İkincisini anlatalım, Silivri'de Ergenekon duruşmaları sürmektedir, salonda yüzlerce subay ve aydın vardır, gizli tanık konuşmaya başlar, gizli tanık salonda bulunan herkes için ayrı ayrı iftira ve ithamlarda bulunur, koca salonda tanımadığı yoktur.

Salondakiler kendilerini gizli tanığın iftiralarına karşı savunmak için, şöyle bir soru yöneltir:'gizli tanığın kimliğini ortaya çıkartmayacaksa, bu kadar yüksek görevli insanı bir bir tanıyacak hangi önemli ve gizli mesleği yapıyor, söyleyebilir mi?'

Sıkı durun, gizli tanık cevaplıyor: Oto hırsızlığı…

Salonda gülüşmeler.

Gülüşmeler üzerine sinirlenen gizli tanık salona karşı şöyle konuşur: 'Niçin gülüyorsunuz, oto hırsızlığının ne kadar zor bir meslek olduğunu bilmiyor küçümsüyorsunuz!.

Bu ve benzeri binlerce mizah unsuru hadise çok ciddi belge çok ciddi iddia olarak ele alındı ve Türk ordusu tasfiye edildi.

Yetmedi, okumakta olduğunuz bu site, Ergenekon'un Medya Ayağını Yönetmekle suçlanıp topyekün içeri tıkıldı.

Odatv'nin önüne getirilen iddianamede şunlar vardı, savcılık, Odatv'e girip darbe ve devrim kelimelerini aratmış ve ortaya çıkan bütün haberleri içindeki Mısır Darbesi'nden başlığında devrim geçen sinema haberlerine kadar herşeyi 'ciddi' delil olarak koydu. Yetmedi ekranlarda başta Nagehan Alçı ve Nazlı Ilıcaklar ve onlarca liberal aydın yıllarca bu iddiaları savundular…

İşte o yıllarda bu sütunlarda Odatv'de halen çalışan Fethi Yılmaz ve Şahin Çakmaklı ve yazar Nihat Genç vardı.

Son cümlemi söylüyorum: Vallahi de billahi de hiç kimse sitemize özgürlük nöbeti tutmaya gelmedi.

Bu akıl ötesi insanlık ötesi saçmalıklar ve iftiralar sürerken o özgürlüğe ve barışa doymayan aydınlar ekranlardan ve köşelerinden kahkahalar atıyorlardı, pislikler temizlendi, vesayet bitti, eski Türkiye sona erdi, Türkiye'nin bağırsakları boşaltıldı, deniliyordu.
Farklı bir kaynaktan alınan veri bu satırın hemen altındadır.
(* Let $X$ be a non-empty set, $(Y,\langle\cdot,\cdot\rangle)$ a real inner product space, and let $I:X\to\mathbb{R}$, $\Phi:X\to Y$ be such that (i) $\sup_X I<+\infty$; (ii) $\inf_{z\in\Phi(X)}\langle z,y\rangle=-\infty$ for all $y\in\Phi(X)\setminus\{0\}$. Then, for each $\mu>0$, at least one of the following assertions holds: (a) for each filtering cover $\mathcal{N}$ of $X$ there exists $A\in\mathcal{N}$ such that $$\sup_{\lambda\in Y}\inf_{x\in A}\big(I(x)+\mu(2\langle\Phi(x),\lambda\rangle-\|\lambda\|^2)\big)<\inf_{x\in A}\sup_{\lambda\in\Phi(A)}\big(I(x)+\mu(2\langle\Phi(x),\lambda\rangle-\|\lambda\|^2)\big);$$ (b) the set of all global minima in $X$ of the function $x\mapsto I(x)+\mu\|\Phi(x)\|^2$ is contained in $\Phi^{-1}(0)$.
   Context: A family $\mathcal{N}$ of non-empty subsets of $X$ is a filtering cover of $X$ if $\bigcup_{A\in\mathcal{N}}A=X$ and for each $A_1,A_2\in\mathcal{N}$ there is $A_3\in\mathcal{N}$ with $A_1\cup A_2\subseteq A_3$. *)

From HB Require Import structures.
From mathcomp Require Import all_boot all_order all_algebra.
From mathcomp Require Import all_classical all_reals.
From mathcomp Require Import ereal.
Set Implicit Arguments. Unset Strict Implicit. Unset Printing Implicit Defensive.
Import Order.TTheory GRing.Theory Num.Theory.
Local Open Scope classical_set_scope.
Local Open Scope ring_scope.

Record is_inner_product (R : realType) (Y : lmodType R) (ip : Y -> Y -> R) : Prop := {
  ip_sym : forall x y, ip x y = ip y x;
  ip_linD : forall x y z, ip (x + y) z = ip x z + ip y z;
  ip_linZ : forall (a : R) x y, ip (a *: x) y = a * ip x y;
  ip_ge0 : forall x, 0 <= ip x x;
  ip_eq0 : forall x, ip x x = 0 -> x = 0
}.

Definition ip_norm (R : realType) (Y : lmodType R) (ip : Y -> Y -> R) (y : Y) : R :=
  Num.sqrt (ip y y).

Definition filtering_cover (X : Type) (N : set (set X)) : Prop :=
  (forall A, N A -> A !=set0) /\
  (\bigcup_(A in N) A = [set: X]) /\
  (forall A1 A2, N A1 -> N A2 -> exists2 A3, N A3 & A1 `|` A2 `<=` A3).

From HB Require Import structures.
From mathcomp Require Import all_boot all_order all_algebra.
From mathcomp Require Import all_classical all_reals.
From mathcomp Require Import ereal.
From mathcomp Require Import ring lra.
Set Implicit Arguments. Unset Strict Implicit. Unset Printing Implicit Defensive.
Import Order.TTheory GRing.Theory Num.Theory.
Local Open Scope classical_set_scope.
Local Open Scope ring_scope.

(* Suppose a global minimiser x0 of J := I + mu |Phi|^2 has a := Phi x0 <> 0.
   The Lagrangian is L(x, l) = J x - mu |Phi x - l|^2, so L(x, Phi x) = J x and
   the inf-sup over any A is at least min J = J x0.  By (i) and (ii) there is
   x1 with L(x1, a) < J x0; for a suitable t in (0, 1] the combination
   (1 - t) L(x0, .) + t L(x1, .) stays below a constant c < J x0, uniformly in
   l.  Hence on a member A of the cover containing x0 and x1 the sup-inf is at
   most c, which gives (a). *)

Lemma convex_comb_le_or (R : realDomainType) (t f g c : R) :
  0 < t -> t <= 1 -> (1 - t) * f + t * g <= c -> f <= c \/ g <= c.
Proof.
move=> t_gt0 t_le1 comb_le.
case: (lerP f c) => [|c_lt_f]; [by left | right].
rewrite -(ler_pM2l t_gt0).
have : 0 <= (1 - t) * (f - c) by rewrite mulr_ge0 // subr_ge0 // ltW.
lra.
Qed.

Section InnerProduct.
Variables (R : realType) (Y : lmodType R) (ip : Y -> Y -> R).
Hypothesis hip : is_inner_product ip.

Lemma ipNl x y : ip (- x) y = - ip x y.
Proof. by rewrite -scaleN1r (ip_linZ hip) mulN1r. Qed.

Lemma ipBl x y z : ip (x - y) z = ip x z - ip y z.
Proof. by rewrite (ip_linD hip) ipNl. Qed.

Lemma ipDr x y z : ip x (y + z) = ip x y + ip x z.
Proof. by rewrite ip_sym // (ip_linD hip) !(ip_sym hip _ x). Qed.

Lemma ipBr x y z : ip x (y - z) = ip x y - ip x z.
Proof. by rewrite ip_sym // ipBl !(ip_sym hip _ x). Qed.

Lemma ipZr (a : R) x y : ip x (a *: y) = a * ip x y.
Proof. by rewrite ip_sym // (ip_linZ hip) (ip_sym hip y). Qed.

Lemma ip_norm_sqr y : ip_norm ip y ^+ 2 = ip y y.
Proof. by rewrite sqr_sqrtr // ip_ge0. Qed.

Lemma ip_sub_sqr u v : ip (u - v) (u - v) = ip u u - 2 * ip u v + ip v v.
Proof. by rewrite !ipBl !ipBr (ip_sym hip v u); ring. Qed.

Lemma ip_sub_sqrC u v : ip (u - v) (u - v) = ip (v - u) (v - u).
Proof. by rewrite !ip_sub_sqr (ip_sym hip v u); ring. Qed.

(* The identity behind this bound is the variance decomposition around the
   barycentre (1 - t) a + t b. *)
Lemma ip_convex_comb_ge (t : R) a b l :
  t * (1 - t) * ip (a - b) (a - b) <=
  (1 - t) * ip (a - l) (a - l) + t * ip (b - l) (b - l).
Proof.
set c := (1 - t) *: a + t *: b.
suff -> : (1 - t) * ip (a - l) (a - l) + t * ip (b - l) (b - l) =
          ip (l - c) (l - c) + t * (1 - t) * ip (a - b) (a - b).
  by rewrite lerDr ip_ge0.
rewrite /c !ip_sub_sqr !(ip_linD hip) !ipDr !(ip_linZ hip) !ipZr.
by rewrite (ip_sym hip b a) (ip_sym hip l a) (ip_sym hip l b); ring.
Qed.

End InnerProduct.

Section Lagrangian.
Variables (R : realType) (Y : lmodType R) (ip : Y -> Y -> R).
Hypothesis hip : is_inner_product ip.
Variables (X : Type) (I : X -> R) (Phi : X -> Y) (mu : R).
Hypothesis mu_gt0 : 0 < mu.

Definition lagrangian x l := I x + mu * (2 * ip (Phi x) l - ip l l).

Definition penalized x := I x + mu * ip (Phi x) (Phi x).

Lemma lagrangian_diag x : lagrangian x (Phi x) = penalized x.
Proof. by rewrite /lagrangian /penalized; ring. Qed.

Lemma lagrangianE x l :
  lagrangian x l = penalized x - mu * ip (Phi x - l) (Phi x - l).
Proof. by rewrite /lagrangian /penalized ip_sub_sqr //; ring. Qed.

Lemma lagrangian_convex_comb_le t x0 x1 l :
  (1 - t) * lagrangian x0 l + t * lagrangian x1 l <=
  (1 - t) * penalized x0 + t * penalized x1
    - mu * (t * (1 - t) * ip (Phi x0 - Phi x1) (Phi x0 - Phi x1)).
Proof.
rewrite !lagrangianE.
have := ip_convex_comb_ge hip t (Phi x0) (Phi x1) l.
move/(ler_wpM2l (ltW mu_gt0)); lra.
Qed.

Lemma exists_lagrangian_lt a m S :
  (forall x, I x <= S) ->
  ereal_inf [set (ip z a)%:E | z in Phi @` [set: X]] = -oo%E ->
  exists x1, lagrangian x1 a < m.
Proof.
move=> I_le inf_Ny.
(* r is the threshold at which S + mu * (2 * r - ip a a) reaches m. *)
pose r := (m - S + mu * ip a a) / (2 * mu).
have : (ereal_inf [set (ip z a)%:E | z in Phi @` [set: X]] < r%:E)%E.
  by rewrite inf_Ny ltNyr.
move=> /ereal_inf_lt[_ [_ [x1 _ <-] <-]]; rewrite lte_fin => x1_lt; exists x1.
have : 2 * mu * ip (Phi x1) a < 2 * mu * r by rewrite ltr_pM2l // mulr_gt0.
rewrite [2 * mu * r]mulrC divfK ?mulf_neq0 ?gt_eqF //.
by have := I_le x1; rewrite /lagrangian; lra.
Qed.

Lemma lagrangian_min_gap x0 x1 :
  lagrangian x1 (Phi x0) < penalized x0 ->
  exists2 c, c < penalized x0 &
    forall l, lagrangian x0 l <= c \/ lagrangian x1 l <= c.
Proof.
set K := penalized x0 - lagrangian x1 (Phi x0).
set D := ip (Phi x0 - Phi x1) (Phi x0 - Phi x1).
rewrite -subr_gt0 -/K => K_gt0.
have muD_ge0 : 0 <= mu * D by rewrite mulr_ge0 ?(ip_ge0 hip) // ltW.
have KD_gt0 : 0 < K + mu * D by rewrite ltr_wpDr.
(* This t makes the right-hand side of lagrangian_convex_comb_le equal to
   penalized x0 - t ^+ 2 * K. *)
set t := K / (K + mu * D).
have t_gt0 : 0 < t by rewrite divr_gt0.
have t_le1 : t <= 1 by rewrite ler_pdivrMr // mul1r lerDl.
have tmuD : t * (mu * D) = K - t * K.
  have : t * (K + mu * D) = K by rewrite divfK // lt0r_neq0.
  lra.
have K_pen : K = penalized x0 - (penalized x1 - mu * D).
  by rewrite /K lagrangianE // ip_sub_sqrC.
exists (penalized x0 - t ^+ 2 * K).
  by rewrite gtrBl mulr_gt0 // exprn_gt0.
move=> l; apply: (convex_comb_le_or t_gt0 t_le1).
apply: (le_trans (lagrangian_convex_comb_le t x0 x1 l)); rewrite -/D.
have -> : (1 - t) * penalized x0 + t * penalized x1 - mu * (t * (1 - t) * D) =
          penalized x0 - t * K + t * (t * (mu * D)) by rewrite K_pen; ring.
by rewrite tmuD; lra.
Qed.

End Lagrangian.

Lemma ereal_sup_lty_ub (R : realType) (T : Type) (f : T -> R) :
  (ereal_sup [set (f x)%:E | x in [set: T]] < +oo)%E ->
  exists S, forall x, f x <= S.
Proof.
have ub x : ((f x)%:E <= ereal_sup [set (f x)%:E | x in [set: T]])%E.
  by apply: ereal_sup_ubound; exists x.
case: (ereal_sup _) ub => [S | | ] ub // _.
  by exists S => x; rewrite -lee_fin.
by exists 0 => x; have := ub x; rewrite leeNy_eq.
Qed.

Lemma ereal_sup_inf_le (R : realType) (T U : Type) (f : T -> U -> R)
    (A : set T) (c : R) :
  (forall u, exists2 x, A x & f x u <= c) ->
  (ereal_sup [set ereal_inf [set (f x u)%:E | x in A] | u in [set: U]]
   <= c%:E)%E.
Proof.
move=> h; apply: ge_ereal_sup => _ [u _ <-].
have [x Ax fx_le] := h u.
apply: (@le_trans _ _ (f x u)%:E); last by rewrite lee_fin.
by apply: ereal_inf_lbound; exists x.
Qed.

Lemma ereal_inf_sup_ge (R : realType) (T U : Type) (f : T -> U -> R)
    (g : T -> U) (A : set T) (c : R) :
  (forall x, A x -> c <= f x (g x)) ->
  (c%:E <= ereal_inf [set ereal_sup [set (f x u)%:E | u in g @` A] | x in A])%E.
Proof.
move=> h; apply: le_ereal_inf_tmp => _ [x Ax <-].
apply: (@le_trans _ _ (f x (g x))%:E); first by rewrite lee_fin h.
by apply: ereal_sup_ubound; exists (g x) => //; exists x.
Qed.

Lemma filtering_cover_pair (X : Type) (N : set (set X)) x y :
  filtering_cover N -> exists2 A, N A & A x /\ A y.
Proof.
move=> [_ [cov dir]].
have [Ax NAx Axx] : (\bigcup_(A in N) A) x by rewrite cov.
have [Ay NAy Ayy] : (\bigcup_(A in N) A) y by rewrite cov.
have [A NA sub] := dir _ _ NAx NAy.
by exists A => //; split; apply: sub; [left | right].
Qed.

Theorem theorem3p5 (R : realType) (X : Type) (Y : lmodType R)
  (ip : Y -> Y -> R) (I : X -> R) (Phi : X -> Y) :
  is_inner_product ip ->
  [set: X] !=set0 ->
  (ereal_sup [set (I x)%:E | x in [set: X]] < +oo)%E ->
  (forall y, y \in Phi @` [set: X] -> y != 0 ->
     ereal_inf [set (ip z y)%:E | z in Phi @` [set: X]] = -oo%E) ->
  forall mu : R, 0 < mu ->
  let L := fun (x : X) (lam : Y) =>
             I x + mu * (2 * ip (Phi x) lam - ip_norm ip lam ^+ 2) in
  (forall N : set (set X), filtering_cover N ->
     exists2 A, N A &
       (ereal_sup [set ereal_inf [set (L x lam)%:E | x in A] | lam in [set: Y]]
        < ereal_inf [set ereal_sup [set (L x lam)%:E | lam in Phi @` A] | x in A])%E)
  \/
  (forall x0 : X,
     (forall x : X, I x0 + mu * ip_norm ip (Phi x0) ^+ 2
                    <= I x + mu * ip_norm ip (Phi x) ^+ 2) ->
     Phi x0 = 0).
Proof.
move=> hip _ sup_lty inf_Ny mu mu_gt0 L.
have LE x l : L x l = lagrangian ip I Phi mu x l by rewrite /L ip_norm_sqr.
have JE x : I x + mu * ip_norm ip (Phi x) ^+ 2 = penalized ip I Phi mu x.
  by rewrite ip_norm_sqr.
pose bad_min x0 := (forall x, penalized ip I Phi mu x0 <= penalized ip I Phi mu x)
                    /\ Phi x0 <> 0.
case: (pselect (exists x0, bad_min x0)) => [[x0 [x0_min /eqP Phix0_neq0]] | no_bad];
  last first.
  right => x0 x0_min; apply: contra_notP no_bad => Phix0_neq0.
  by exists x0; split=> // x; rewrite -!JE.
left.
have [S I_le] := ereal_sup_lty_ub sup_lty.
have [x1 x1_lt] := exists_lagrangian_lt mu_gt0
  (penalized ip I Phi mu x0) I_le (inf_Ny _ (mem_set (imageT Phi x0)) Phix0_neq0).
have [c c_lt c_ge] := lagrangian_min_gap hip mu_gt0 x1_lt.
move=> N /(filtering_cover_pair x0 x1)[A NA [Ax0 Ax1]]; exists A => //.
apply: (le_lt_trans (ereal_sup_inf_le (f := L) (c := c) _)).
  by move=> l; case: (c_ge l); [exists x0 | exists x1]; rewrite // LE.
apply: (lt_le_trans _ (ereal_inf_sup_ge (f := L) (g := Phi)
  (c := penalized ip I Phi mu x0) _)).
  by rewrite lte_fin.
by move=> x _; rewrite LE lagrangian_diag.
Qed.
Aynı özgürlüğe ve barışa doymayan aydınlar bugün yine özgürlüğe ve barışa doymayan bir bildiri yayınladılar, yazan çizen duyarlı demokrat insanları, PKK'nın resmi yayın organı, terör destekçisi yayın organına demokrasi özgürlük ve insanlık adına 'sahip çıkmamızı' istiyorlar.

ODA TV'ye oh olsun deyiver ama terör örgütü PKK'nın yayın organına sahip çık!

Yürüyün özgürlük kahramanları kim tutar sizi!

Martin Luther King Gandhi'yi ziyaret ettiğinde, Gandhi, henüz hoş sohbet konuşma başlamadan siyahların çok sevdiği eski bir şarkıyı çaldırır, şarkının sözleri şunlardır:

'İsa Çarmıha Gerilirken Nerdeydiniz?

İsa tahtaya çakılırken nerdeydiniz?

Ah bu beni titretir titretir,

İsa çarmıha gerilirken nerdeydiniz?!

Türkiye'nin hukuku ordusu kurumları işgal edilirken gasp edilirken tasfiye edilirken, nerdeydiniz?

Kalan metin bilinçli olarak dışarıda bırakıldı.